| This section provides both general
guidelines and specific details on preparing data sets (both SAS and
non-SAS). For the data sets referenced in this manual, detailed instructions
are provided in other sections on how to prepare the htwt
data set, the clinical data
set, and the simulated Manitoba Health
data set.
Data sets can be thought of as a table having columns and rows, and consisting of
three main components:
|
1. Values |
Numbers and/or letters of the alphabet comprising the information in each cell
(column/row combination).
|
|
2. Variables |
Names assigned to columns of information; currently,
they can be up to 32 characters long (starting with a letter
or underscore). |
|
3. Observations (Records) |
Usually one line, or row, of information per person or event; each observation
(also known as a record) consists of a set of values.
|
| Illustrated below, on the left, is the raw data
set htwt. The viewtable on the right shows how the data
become meaningful once the appropriate information on the data
has been specified to SAS.
M and F, for example, are the values
for the variable SEX; the next column represents
the values for the variable AGE. Each observation
is now consecutively numbered, in this case, from 1 to 18.
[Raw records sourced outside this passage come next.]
Lemma escape_above_half (w : nat -> ctrl) (y : R) (m : nat) :
  1/2 < phi Fex m y w -> exists k, 5/8 <= phi Fex k y w.
Proof.
  intros Hm.
  destruct (escape_of_expansion (fun k => phi Fex (m + k) y w) (1/2) (5/8) 2)
    as [k Hk].
  - lra.
  - rewrite Nat.add_0_r. exact Hm.
  - intros k Hk. cbv beta in *. rewrite Nat.add_succ_r, phi_S.
    destruct (w (m + k)%nat); solve_F.
  - exists (m + k)%nat. exact Hk.
Qed.

Lemma escape_right_of_fixed_point (w : nat -> ctrl) (y : R) :
  (forall j, w j = c0) -> 3/8 < y -> exists k, 5/8 <= phi Fex k y w.
Proof.
  intros Hw Hy.
  apply (escape_of_expansion (fun k => phi Fex k y w) (3/8) (5/8) 2); [lra|exact Hy|].
  intros k Hk. cbv beta in *. rewrite phi_S, Hw. solve_F.
Qed.

Lemma escape_near_fixed_point (delta : R) (w : nat -> ctrl) : 0 < delta ->
  exists y k, Rabs (y - 3/8) < delta /\ Qex y /\ 5/8 <= phi Fex k y w.
Proof.
  intros Hdelta.
  set (t := Rmin (delta / 2) (1/16)).
  assert (Ht : 0 < t < delta /\ t <= 1/16).
  { unfold t. pose proof (Rmin_l (delta / 2) (1/16)).
    pose proof (Rmin_r (delta / 2) (1/16)).
    assert (0 < Rmin (delta / 2) (1/16)) by (apply Rmin_pos; lra). lra. }
  destruct (classic (exists m, w m <> c0)) as [Hsome|Hnone].
  - assert (Hdec : forall m, {w m <> c0} + {~ w m <> c0})
      by (intros m; destruct (w m); [right; tauto | left; discriminate | left; discriminate]).
    destruct (epsilon_smallest _ Hdec Hsome) as [m [Hm Hfirst]].
    assert (Hprefix : phi Fex m (3/8 - t) w = 3/8 - t).
    { apply (phi_preserves _ Fex (fun _ z => z = 3/8 - t)); [reflexivity|].
      intros j z Hj ->.
      assert (Hwj : w j = c0)
        by (apply NNPP; intros Hne; specialize (Hfirst j Hne); lia).
      rewrite Hwj. apply F0_fixes. lra. }
    destruct (escape_above_half w (3/8 - t) (S m)) as [k Hk].
    { rewrite phi_S, Hprefix. apply nonzero_control_left; [exact Hm | lra]. }
    exists (3/8 - t), k. rewrite Rabs_left by lra. unfold Qex. lra.
  - assert (Hw : forall j, w j = c0)
      by (intros j; apply NNPP; intros Hne; apply Hnone; exists j; exact Hne).
    destruct (escape_right_of_fixed_point w (3/8 + t) Hw) as [k Hk]; [lra|].
    exists (3/8 + t), k. rewrite Rabs_right by lra. unfold Qex. lra.
Qed.

Lemma dist_Q_far (z : R) : 5/8 <= z -> 1/8 <= dist_set z Qex.
Proof.
  intros Hz. apply (proj2 (dist_set_spec Qex z (1/2) ltac:(unfold Qex; lra))).
  intros q Hq. unfold Qex in Hq. rewrite Rabs_right; lra.
Qed.

Lemma not_equi_invariant : ~ equi_invariant Fex Qex.
Proof.
  intros H.
  apply (not_equi_invariant_point_of_escape _ Fex Qex (3/8) (1/8));
    [lra | | apply H; unfold Qex; lra].
  intros delta w Hdelta.
  destruct (escape_near_fixed_point delta w Hdelta) as [y [k [Hy [HQy Hk]]]].
  exists y, k. split; [exact Hy|]. split; [exact HQy|]. apply dist_Q_far, Hk.
Qed.

Definition exit_control (L j : nat) : ctrl := if Nat.eqb j L then c2 else c0.

Lemma exit_control_other (L j : nat) : j <> L -> exit_control L j = c0.
Proof. intros Hj. unfold exit_control. destruct (Nat.eqb_spec j L); congruence. Qed.

Lemma exit_trajectory_prefix (L j : nat) (y : R) :
  window L y -> (j <= L)%nat -> window (L - j) (phi Fex j y (exit_control L)).
Proof.
  intros Hy Hj.
  apply (phi_preserves _ Fex (fun j z => window (L - j) z)).
  - rewrite Nat.sub_0_r. exact Hy.
  - intros j' z Hj' Hz. rewrite exit_control_other by lia. apply F0_window.
    replace (S (L - S j')) with (L - j')%nat by lia. exact Hz.
Qed.

Lemma exit_trajectory_exit (L : nat) (y : R) : phi Fex (S L) y (exit_control L) = 1.
Proof. rewrite phi_S. unfold exit_control. rewrite Nat.eqb_refl. reflexivity. Qed.

Lemma exit_trajectory_tail (L i : nat) (y : R) :
  phi Fex (S (S L) + i) y (exit_control L) = 3/8.
Proof.
  induction i as [|i IH].
  - rewrite Nat.add_0_r, phi_S, exit_trajectory_exit, exit_control_other by lia.
    exact F0_one.
  - rewrite Nat.add_succ_r, phi_S, IH, exit_control_other by lia.
    apply F0_fixes. lra.
Qed.

Lemma exit_trajectory_in_Q (L i : nat) (y : R) :
  window L y -> i <> S L -> Qex (phi Fex i y (exit_control L)).
Proof.
  intros Hy Hi. destruct (Nat.le_gt_cases i L) as [HiL|HiL].
  - exact (window_in_Q _ _ (exit_trajectory_prefix L i y Hy HiL)).
  - replace i with (S (S L) + (i - S (S L)))%nat by lia.
    rewrite exit_trajectory_tail. unfold Qex. lra.
Qed.

Lemma mean_left (x : R) : Qex x -> x <= 3/8 -> equi_invariant_mean_point Fex Qex x.
Proof.
  intros HQx Hx.
  apply (equi_invariant_mean_point_of_single_exit _ Fex Qex x (1/2)); [exact HQx | lra |].
  intros N. exists (S N). split; [lia|].
  exists (/8 * (/5) ^ N). split; [pose proof (fifth_pow_bounds N); lra|].
  exists (exit_control N). intros y Hy HQy.
  assert (Hwin : window N y)
    by (apply Rabs_def2 in Hy; unfold window; unfold Qex in HQy; lra).
  split.
  - intros i Hi. exact (exit_trajectory_in_Q N i y Hwin Hi).
  - rewrite exit_trajectory_exit.
    apply Rle_trans with (Rabs (1 - 1/2)); [apply dist_set_le; unfold Qex; lra|].
    rewrite Rabs_right; lra.
Qed.

Lemma mean_right (x : R) : Qex x -> 3/8 < x -> equi_invariant_mean_point Fex Qex x.
Proof.
  intros HQx Hx.
  apply (equi_invariant_mean_point_of_single_exit _ Fex Qex x (1/2)); [exact HQx | lra |].
  intros N. exists N. split; [lia|].
  exists (x - 3/8). split; [lra|].
  exists (fun _ => Defs.c1). intros y Hy HQy.
  assert (Hstay : forall i, Qex (phi Fex i y (fun _ => Defs.c1))).
  { intros i. unfold Qex.
    enough (3/8 <= phi Fex i y (fun _ => Defs.c1) <= 1/2) by lra.
    apply (phi_preserves _ Fex (fun _ z => 3/8 <= z <= 1/2)).
    - apply Rabs_def2 in Hy. unfold Qex in HQy. lra.
    - intros j z _ Hz. simpl Fex. rewrite F1_on_right by exact Hz. lra. }
  split.
  - intros i _. exact (Hstay i).
  - apply Rle_trans with 0; [apply dist_set_of_mem, Hstay | lra].
Qed.

Theorem mainTheorem14 :
  equi_invariant_mean Fex Qex /\ ~ equi_invariant Fex Qex.
Proof.
  split.
  - intros x HQx. destruct (Rle_lt_dec x (3/8)) as [Hx|Hx].
    + exact (mean_left x HQx Hx).
    + exact (mean_right x HQx Hx).
  - exact not_equi_invariant.
Qed.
The first observation thus has a value of Aubrey for the variable
called NAME, a value of M for the variable SEX, a value of
41 for the variable AGE, a value of 74 for the variable HEIGHT,
and a value of 170 for the variable WEIGHT.
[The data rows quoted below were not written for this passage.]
Lemma line_through_zeroP x : x != 0 -> exists2 A, A \in D &
  exists b, [/\ x + b \in A, b \in A & line_through_zero D x = [seq y - b | y <- A]].
Proof.
move=> neq_x0; rewrite /line_through_zero.
set ps := based_pairs D; set i := index x _.
have [q q_pairs diff_q] := difference_family_cover neq_x0.
have x_diffs : x \in map difference ps by rewrite -diff_q map_f.
have i_lt : (i < size ps)%N by rewrite -(size_map difference) index_mem.
have := nth_index 0 x_diffs; rewrite (nth_map ([::], (0, 0))) // -/i.
case: (nth _ ps i) (mem_nth ([::], (0, 0)) i_lt) => A [a b].
rewrite mem_based_pairs /difference /= => /and4P[AD aA bA _] <-.
by exists A => //; exists b; rewrite subrK.
Qed.

Lemma line_through_zeroE x : x != 0 ->
  uniq (line_through_zero D x) /\ line_through_zero D x =i line (development D) 0 x.
Proof.
move=> neq_x0; have [A AD [b [xbA bA ->]]] := line_through_zeroP neq_x0.
have mem_shift y : (y \in [seq z - b | z <- A]) = (y + b \in A).
  by apply/mapP/idP => [[z zA ->] | ybA]; [rewrite subrK | exists (y + b); rewrite ?addrK].
split; first by rewrite map_inj_uniq ?difference_family_uniq //; apply: addIr.
have -> : line (development D) 0 x = translate A (- b).
  by apply: (line_uniq steinerD); rewrite ?translate_development ?mem_translate ?opprK ?add0r.
by move=> y; rewrite mem_shift mem_translate opprK.
Qed.

Lemma labels_lines_zero_label : labels_lines (development D) 0 (zero_label D).
Proof.
have label_line z : z != 0 ->
    let c := least_nonzero (line_through_zero D z) in
    c != 0 /\ line (development D) 0 c = line (development D) 0 z.
  move=> neq_z0 c; have [_ mem_line] := line_through_zeroE neq_z0.
  have [lineB zero_line z_line] := lineP steinerD neq_z0.
  have [c_line neq_c0] : c \in line_through_zero D z /\ c != 0.
    by apply: (least_nonzeroP _ neq_z0); rewrite mem_line.
  by split=> //; apply: (line_uniq steinerD neq_c0 lineB zero_line); rewrite -mem_line.
move=> x y neq_x0 neq_y0; rewrite !zero_labelE.
apply/eqP/eqP => [eq_label | eq_line].
  by rewrite -(label_line x neq_x0).2 eq_label (label_line y neq_y0).2.
have [uniq_x mem_x] := line_through_zeroE neq_x0.
have [uniq_y mem_y] := line_through_zeroE neq_y0.
by apply: eq_least_nonzero => // z; rewrite mem_x mem_y eq_line.
Qed.

Lemma block_labelsP A t : A \in D -> 0 \notin translate A t ->
  let s := block_labels (label_table D) (A, t) in
  [/\ (A, t) \in blocks_avoiding_zero D, sorted (relpre val ltn) s, size s = k
    & [set z in s] = zero_label D @: translate A t].
Proof.
move=> AD zNM s; have eq_set : [set z in s] = zero_label D @: translate A t.
  apply/setP => z; rewrite inE mem_sort; apply/mapP/imsetP => [[y /= yA ->] | [x + ->]].
    by exists (y + t); rewrite ?mem_translate ?addrK.
  by rewrite mem_translate => xtA; exists (x - t); rewrite ?subrK.
have size_s : size s = k by rewrite size_sort size_map; apply/eqP/(allP sizeD).
have uniq_s : uniq s.
  apply/card_uniqP; rewrite -cardsE eq_set size_s.
  rewrite (card_labels_block steinerD labels_lines_zero_label) ?translate_development //.
  by rewrite card_translate ?difference_family_uniq //; apply/eqP/(allP sizeD).
split=> //.
  rewrite mem_filter -sub0r -mem_translate zNM; apply/allpairsP; exists (A, t).
  by rewrite residuesE mem_enum.
rewrite -sorted_map ltn_sorted_uniq_leq (map_inj_uniq val_inj) uniq_s /=.
by rewrite sorted_map sort_sorted // => x y; apply: leq_total.
Qed.

End DifferenceFamily.

Lemma no_rich_zero (k : nat) D : difference_family D -> all (fun A => size A == k.+1) D ->
  no_rich_zero_check D -> ~ rich_point k (development D) 0.
Proof.
move=> dfD sizeD; rewrite /no_rich_zero_check sort_lt_sorted => uniq_keys.
case=> M [M'] [[/developmentP[A AD [t ->]] /developmentP[A' A'D [t' ->]] neqMM' zNM zNM'] le_k].
have steinerD := development_steiner dfD sizeD.
rewrite (card_transversals steinerD (labels_lines_zero_label dfD sizeD)) // in le_k.
have [q_in sorted_q size_q eq_q] := block_labelsP dfD sizeD AD zNM.
have [q'_in sorted_q' size_q' eq_q'] := block_labelsP dfD sizeD A'D zNM'.
rewrite -eq_q -eq_q' in le_k.
have lt_trans := relpre_trans (f := val : G -> nat) ltn_trans.
have lt_irr : irreflexive (relpre (val : G -> nat) ltn) by move=> x; apply: ltnn.
have [r r_q r_q'] := sorted_deletions_meet lt_trans lt_irr sorted_q sorted_q' size_q size_q' le_k.
move: neqMM'; have [-> ->] := uniq_flatten_mem_inj uniq_keys q_in q'_in r_q r_q'.
by rewrite eqxx.
Qed.

Lemma rich_zero (m k : nat) D A t A' t' :
  difference_family D -> all (fun A => size A == k) D ->
  rich_zero_check m D A t A' t' -> rich_point m (development D) 0.
Proof.
move=> dfD sizeD /and5P[AD A'D ntA nt'A' /andP[/hasP[y yA yN] le_m]].
have steinerD := development_steiner dfD sizeD.
have zN B s : - s \notin B -> 0 \notin translate B s by rewrite mem_translate sub0r.
have [_ sorted_s _ eq_s] := block_labelsP dfD sizeD AD (zN _ _ ntA).
have [_ _ _ eq_s'] := block_labelsP dfD sizeD A'D (zN _ _ nt'A').
exists (translate A t), (translate A' t'); split.
  split; rewrite ?translate_development ?zN //.
  apply: contraNneq yN => eqMM'; rewrite -mem_translate -eqMM' mem_translate addrK.
  exact: yA.
rewrite (card_transversals steinerD (labels_lines_zero_label dfD sizeD)) ?zN //.
rewrite -eq_s -eq_s'; set s := block_labels _ (A, t); set s' := block_labels _ (A', t').
have -> : [set z in s] :&: [set z in s'] = [set z in [seq z <- s | z \in s']].
  by apply/setP => z; rewrite !inE mem_filter andbC.
have uniq_s : uniq s := sorted_uniq (relpre_trans ltn_trans) (fun x => ltnn _) sorted_s.
by rewrite cardsE (card_uniqP _) ?filter_uniq.
Qed.

End CyclicDesigns.

Definition Drich : seq (seq 'I_589) := map (map inZp)
  [:: [:: 248; 31; 527; 382; 21; 208; 474];
      [:: 372; 341; 496; 250; 60; 426; 8];
      [:: 558; 217; 155; 546; 508; 544; 107];
      [:: 0; 5; 435; 149; 142; 574; 462];
      [:: 0; 119; 340; 130; 199; 232; 158];
      [:: 0; 37; 274; 278; 215; 446; 517];
      [:: 0; 56; 160; 373; 405; 484; 289];
      [:: 0; 51; 314; 224; 322; 331; 525];
      [:: 0; 507; 523; 148; 360; 103; 126];
      [:: 0; 97; 193; 299; 222; 466; 490];
      [:: 0; 306; 117; 166; 336; 371; 471];
      [:: 0; 55; 252; 73; 131; 461; 206];
      [:: 0; 1; 26; 87; 495; 501; 68];
      [:: 0; 13; 338; 542; 545; 34; 295]].

Definition Dplain : seq (seq 'I_589) := map (map inZp)
  [:: [:: 186; 465; 403; 505; 239; 63; 557];
      [:: 279; 403; 310; 349; 178; 180; 161];
      [:: 124; 310; 465; 324; 172; 346; 460];
      [:: 0; 9; 194; 386; 121; 514; 543];
      [:: 0; 332; 23; 234; 406; 571; 201];
      [:: 0; 11; 368; 210; 202; 493; 483];
      [:: 0; 144; 159; 286; 449; 189; 540];
      [:: 0; 51; 314; 224; 71; 287; 231];
      [:: 0; 507; 523; 148; 394; 116; 79];
      [:: 0; 1; 87; 501; 268; 345; 565];
      [:: 0; 495; 68; 26; 135; 554; 489];
      [:: 0; 58; 330; 334; 438; 197; 410];
      [:: 0; 13; 338; 542; 545; 34; 295];
      [:: 0; 12; 312; 455; 50; 122; 227]].

Lemma Drich_size : all (fun A => size A == 7) Drich.
Proof. by []. Qed.

Lemma Dplain_size : all (fun A => size A == 7) Dplain.
Proof. by []. Qed.

Lemma Drich_difference_family : difference_family Drich.
Proof. apply/andP; split; first by vm_compute. by apply/sort_val_perm/eqP; vm_compute. Qed.

Lemma Dplain_difference_family : difference_family Dplain.
Proof. apply/andP; split; first by vm_compute. by apply/sort_val_perm/eqP; vm_compute. Qed.

Lemma Drich_rich :
  rich_zero_check 6 Drich (nth [::] Drich 12) (inZp 5) (nth [::] Drich 12) (inZp 119).
Proof. by vm_compute. Qed.

Lemma Dplain_not_rich : no_rich_zero_check Dplain.
Proof. by vm_compute. Qed.

Theorem mainTheorem2 :
  exists B1 B2 : {set {set 'I_589}},
    steiner_system 2 7 589 B1 /\ steiner_system 2 7 589 B2 /\
    ~ steiner_iso B1 B2.
Proof.
exists (development Drich), (development Dplain).
split; first exact: (development_steiner Drich_difference_family Drich_size).
split; first exact: (development_steiner Dplain_difference_family Dplain_size).
case=> f [f_bij f_img].
have rich_Drich := rich_zero Drich_difference_family Drich_size Drich_rich.
apply: (no_rich_zero Dplain_difference_family Dplain_size Dplain_not_rich).
exact: rich_point_development (rich_point_iso f_bij f_img rich_Drich).
Qed.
In other words, the first observation is an individual named
Aubrey who is a 41-year-old male who is 6'2" tall and weighs
170 pounds. (Normally a codebook will specify the units in
which the values are being measured. In this case, height,
for example, is measured in inches and weight is measured
in pounds.) |
|
| Analyses using SAS software require that the data be
in the form of a SAS data set. If the data are in this form, no data
preparation is needed; the data set can be easily viewed and explored
using a SAS program to create either: a) a permanent or b) a temporary
SAS data set. A permanent SAS data set is normally created
if it is known which subsets are being used for analysis (e.g., if
only bypass procedure is of interest, only the hospital records that
actually contain this surgery would be needed). Temporary
SAS data sets, on the other hand, last for the duration of the SAS
session, and are useful when developing and debugging programs. Non-SAS
data sets require additional preparation because they need to
be converted to SAS data sets.
A. PREPARING SAS DATA SETS.
To create a temporary SAS data set from another temporary
SAS data set requires only the DATA and SET statements and the one-word
name of the data set. To read or to create a permanent
SAS data set requires a third statement - LIBNAME - to tell SAS
where to find the data set.
- LIBNAME sasref 'c:\sasdir';
tells SAS that the user has chosen sasref as the name to
represent a directory on c: drive called sasdir. That is,
LIBNAME tells SAS where the permanent SAS data set is located
(or to be located).
- DATA two; (to create a temporary
SAS data set) OR
DATA sasref.two; (to create
a permanent SAS data set).
The DATA statement is required to tell SAS to create another,
new, SAS data set from the the data set specified in the SET statement
following.
- SET one; (to read/access
a temporary SAS data set) OR
SET sasref.one; (to read/access
a permanent SAS data set)
For permanent SAS data sets, the SET statement tells SAS: a) the
name assigned to the directory, or location, of the data set (sasref)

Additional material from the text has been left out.